Task goal: Keyword search on "congr": report each line of the records that contains it.

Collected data
<<<<

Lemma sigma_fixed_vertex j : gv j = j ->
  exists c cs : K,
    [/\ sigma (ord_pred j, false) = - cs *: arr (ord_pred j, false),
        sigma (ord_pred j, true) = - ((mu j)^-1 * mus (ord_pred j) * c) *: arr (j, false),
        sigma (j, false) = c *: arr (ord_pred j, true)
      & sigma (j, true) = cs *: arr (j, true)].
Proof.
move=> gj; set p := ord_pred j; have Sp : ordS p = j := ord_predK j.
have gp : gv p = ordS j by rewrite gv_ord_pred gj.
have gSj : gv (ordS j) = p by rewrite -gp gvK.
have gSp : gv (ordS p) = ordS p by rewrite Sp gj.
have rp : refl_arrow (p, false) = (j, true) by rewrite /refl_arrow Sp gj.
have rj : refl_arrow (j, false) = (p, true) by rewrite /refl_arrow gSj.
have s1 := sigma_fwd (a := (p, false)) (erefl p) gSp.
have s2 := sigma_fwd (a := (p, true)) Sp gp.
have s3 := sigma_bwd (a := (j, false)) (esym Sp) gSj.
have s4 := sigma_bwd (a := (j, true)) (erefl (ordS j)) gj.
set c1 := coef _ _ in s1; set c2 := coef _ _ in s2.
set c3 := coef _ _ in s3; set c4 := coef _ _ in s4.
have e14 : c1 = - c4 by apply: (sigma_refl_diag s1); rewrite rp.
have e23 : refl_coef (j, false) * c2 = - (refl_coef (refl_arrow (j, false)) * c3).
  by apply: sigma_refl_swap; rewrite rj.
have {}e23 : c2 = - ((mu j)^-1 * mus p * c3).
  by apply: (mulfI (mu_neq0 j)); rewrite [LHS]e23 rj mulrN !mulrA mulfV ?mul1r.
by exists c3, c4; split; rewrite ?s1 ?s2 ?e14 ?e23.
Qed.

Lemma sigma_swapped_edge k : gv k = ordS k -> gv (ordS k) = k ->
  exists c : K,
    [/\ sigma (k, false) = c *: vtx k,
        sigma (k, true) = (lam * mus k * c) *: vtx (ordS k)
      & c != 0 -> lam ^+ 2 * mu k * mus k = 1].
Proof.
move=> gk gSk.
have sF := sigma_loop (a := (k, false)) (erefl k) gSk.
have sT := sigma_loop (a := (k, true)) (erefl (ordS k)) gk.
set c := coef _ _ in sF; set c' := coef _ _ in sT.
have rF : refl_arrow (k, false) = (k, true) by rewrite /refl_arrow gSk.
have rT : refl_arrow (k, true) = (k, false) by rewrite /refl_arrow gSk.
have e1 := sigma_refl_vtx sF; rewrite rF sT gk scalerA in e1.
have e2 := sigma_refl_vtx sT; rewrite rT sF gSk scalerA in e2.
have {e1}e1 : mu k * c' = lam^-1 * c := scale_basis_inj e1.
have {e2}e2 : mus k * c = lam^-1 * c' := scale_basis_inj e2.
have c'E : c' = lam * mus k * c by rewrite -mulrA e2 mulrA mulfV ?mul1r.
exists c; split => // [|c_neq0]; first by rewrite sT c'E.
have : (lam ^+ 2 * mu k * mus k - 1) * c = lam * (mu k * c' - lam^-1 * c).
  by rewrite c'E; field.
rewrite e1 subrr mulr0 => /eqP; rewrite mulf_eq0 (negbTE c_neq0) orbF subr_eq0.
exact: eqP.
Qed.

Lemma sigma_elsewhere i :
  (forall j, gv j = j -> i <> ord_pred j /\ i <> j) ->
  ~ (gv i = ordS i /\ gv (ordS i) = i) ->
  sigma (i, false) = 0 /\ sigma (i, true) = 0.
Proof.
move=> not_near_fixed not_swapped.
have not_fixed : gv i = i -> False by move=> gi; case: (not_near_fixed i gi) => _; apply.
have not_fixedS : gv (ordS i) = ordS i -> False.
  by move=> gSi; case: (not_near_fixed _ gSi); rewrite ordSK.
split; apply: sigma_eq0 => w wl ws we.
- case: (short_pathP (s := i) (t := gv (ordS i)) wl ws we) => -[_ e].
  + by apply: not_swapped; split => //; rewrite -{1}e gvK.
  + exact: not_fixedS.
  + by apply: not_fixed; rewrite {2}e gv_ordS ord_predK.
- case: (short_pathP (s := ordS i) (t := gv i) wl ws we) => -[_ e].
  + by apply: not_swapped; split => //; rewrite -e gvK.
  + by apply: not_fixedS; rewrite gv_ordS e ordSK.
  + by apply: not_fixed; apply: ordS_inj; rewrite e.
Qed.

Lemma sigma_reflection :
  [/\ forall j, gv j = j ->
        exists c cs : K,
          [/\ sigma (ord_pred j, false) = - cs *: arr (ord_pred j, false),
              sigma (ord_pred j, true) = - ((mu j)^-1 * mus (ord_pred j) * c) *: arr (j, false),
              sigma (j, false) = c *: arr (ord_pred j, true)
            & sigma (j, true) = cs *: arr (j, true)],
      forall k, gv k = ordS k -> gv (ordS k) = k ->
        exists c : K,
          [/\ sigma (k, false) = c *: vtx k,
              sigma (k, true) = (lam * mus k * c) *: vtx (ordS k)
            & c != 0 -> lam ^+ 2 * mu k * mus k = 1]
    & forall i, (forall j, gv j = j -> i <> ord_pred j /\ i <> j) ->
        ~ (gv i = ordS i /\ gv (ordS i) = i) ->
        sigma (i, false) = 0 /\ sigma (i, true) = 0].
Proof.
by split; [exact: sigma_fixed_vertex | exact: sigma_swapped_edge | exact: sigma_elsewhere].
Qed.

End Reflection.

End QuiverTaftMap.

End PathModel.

>>>>
<<<<

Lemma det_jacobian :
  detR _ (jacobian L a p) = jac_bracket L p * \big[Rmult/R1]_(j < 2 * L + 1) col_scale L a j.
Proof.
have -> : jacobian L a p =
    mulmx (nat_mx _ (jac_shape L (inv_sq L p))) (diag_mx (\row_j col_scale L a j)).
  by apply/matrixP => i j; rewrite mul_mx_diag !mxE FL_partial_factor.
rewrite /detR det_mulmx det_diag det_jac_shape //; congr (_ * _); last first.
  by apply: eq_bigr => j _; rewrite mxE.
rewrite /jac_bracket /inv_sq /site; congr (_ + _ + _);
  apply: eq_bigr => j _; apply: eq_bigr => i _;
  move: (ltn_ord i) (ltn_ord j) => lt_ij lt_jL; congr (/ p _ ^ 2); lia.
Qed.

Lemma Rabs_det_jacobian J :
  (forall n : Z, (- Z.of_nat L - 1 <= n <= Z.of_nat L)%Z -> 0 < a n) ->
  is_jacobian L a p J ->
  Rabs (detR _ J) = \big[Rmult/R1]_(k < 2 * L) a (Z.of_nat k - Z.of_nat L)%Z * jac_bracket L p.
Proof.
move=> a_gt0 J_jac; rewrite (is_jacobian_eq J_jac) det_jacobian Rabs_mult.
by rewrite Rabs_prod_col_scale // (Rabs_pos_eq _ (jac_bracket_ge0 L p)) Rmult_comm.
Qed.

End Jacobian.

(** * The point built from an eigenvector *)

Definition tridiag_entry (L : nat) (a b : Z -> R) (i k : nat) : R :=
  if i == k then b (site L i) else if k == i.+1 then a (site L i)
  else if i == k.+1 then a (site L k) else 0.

>>>>
<<<<

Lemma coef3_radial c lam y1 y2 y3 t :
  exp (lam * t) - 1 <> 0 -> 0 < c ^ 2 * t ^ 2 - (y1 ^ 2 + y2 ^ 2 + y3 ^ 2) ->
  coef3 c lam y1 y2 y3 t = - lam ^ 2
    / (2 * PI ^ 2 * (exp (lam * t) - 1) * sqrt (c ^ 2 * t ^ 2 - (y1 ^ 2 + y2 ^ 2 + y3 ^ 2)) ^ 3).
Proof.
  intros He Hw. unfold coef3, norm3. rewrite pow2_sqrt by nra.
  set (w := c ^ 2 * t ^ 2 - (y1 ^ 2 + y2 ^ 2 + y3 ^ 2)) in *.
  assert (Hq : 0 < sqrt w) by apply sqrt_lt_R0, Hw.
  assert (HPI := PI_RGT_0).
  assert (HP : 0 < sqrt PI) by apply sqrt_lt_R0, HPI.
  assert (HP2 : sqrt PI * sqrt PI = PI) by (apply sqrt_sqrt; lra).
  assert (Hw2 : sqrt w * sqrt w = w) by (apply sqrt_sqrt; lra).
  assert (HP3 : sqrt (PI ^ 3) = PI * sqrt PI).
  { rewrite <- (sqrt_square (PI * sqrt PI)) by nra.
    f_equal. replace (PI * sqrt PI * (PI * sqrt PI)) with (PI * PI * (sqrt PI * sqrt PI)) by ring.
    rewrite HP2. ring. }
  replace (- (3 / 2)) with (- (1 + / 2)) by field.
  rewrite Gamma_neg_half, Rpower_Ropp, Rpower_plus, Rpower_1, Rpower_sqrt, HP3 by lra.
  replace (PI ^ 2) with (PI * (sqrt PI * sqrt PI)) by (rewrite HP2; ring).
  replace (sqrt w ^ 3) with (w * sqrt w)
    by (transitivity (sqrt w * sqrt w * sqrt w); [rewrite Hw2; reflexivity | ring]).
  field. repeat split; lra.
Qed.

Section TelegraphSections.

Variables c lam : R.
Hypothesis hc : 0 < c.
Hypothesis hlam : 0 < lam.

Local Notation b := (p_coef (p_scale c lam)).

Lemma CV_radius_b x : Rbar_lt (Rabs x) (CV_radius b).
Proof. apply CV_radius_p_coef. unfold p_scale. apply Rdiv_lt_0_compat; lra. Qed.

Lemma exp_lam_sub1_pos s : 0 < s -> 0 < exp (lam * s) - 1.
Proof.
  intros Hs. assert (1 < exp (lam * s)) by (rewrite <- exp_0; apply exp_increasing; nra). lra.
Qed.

>>>>

Exercise result:
rewrite /detR det_mulmx det_diag det_jac_shape //; congr (_ * _); last first.
rewrite /jac_bracket /inv_sq /site; congr (_ + _ + _);
  move: (ltn_ord i) (ltn_ord j) => lt_ij lt_jL; congr (/ p _ ^ 2); lia.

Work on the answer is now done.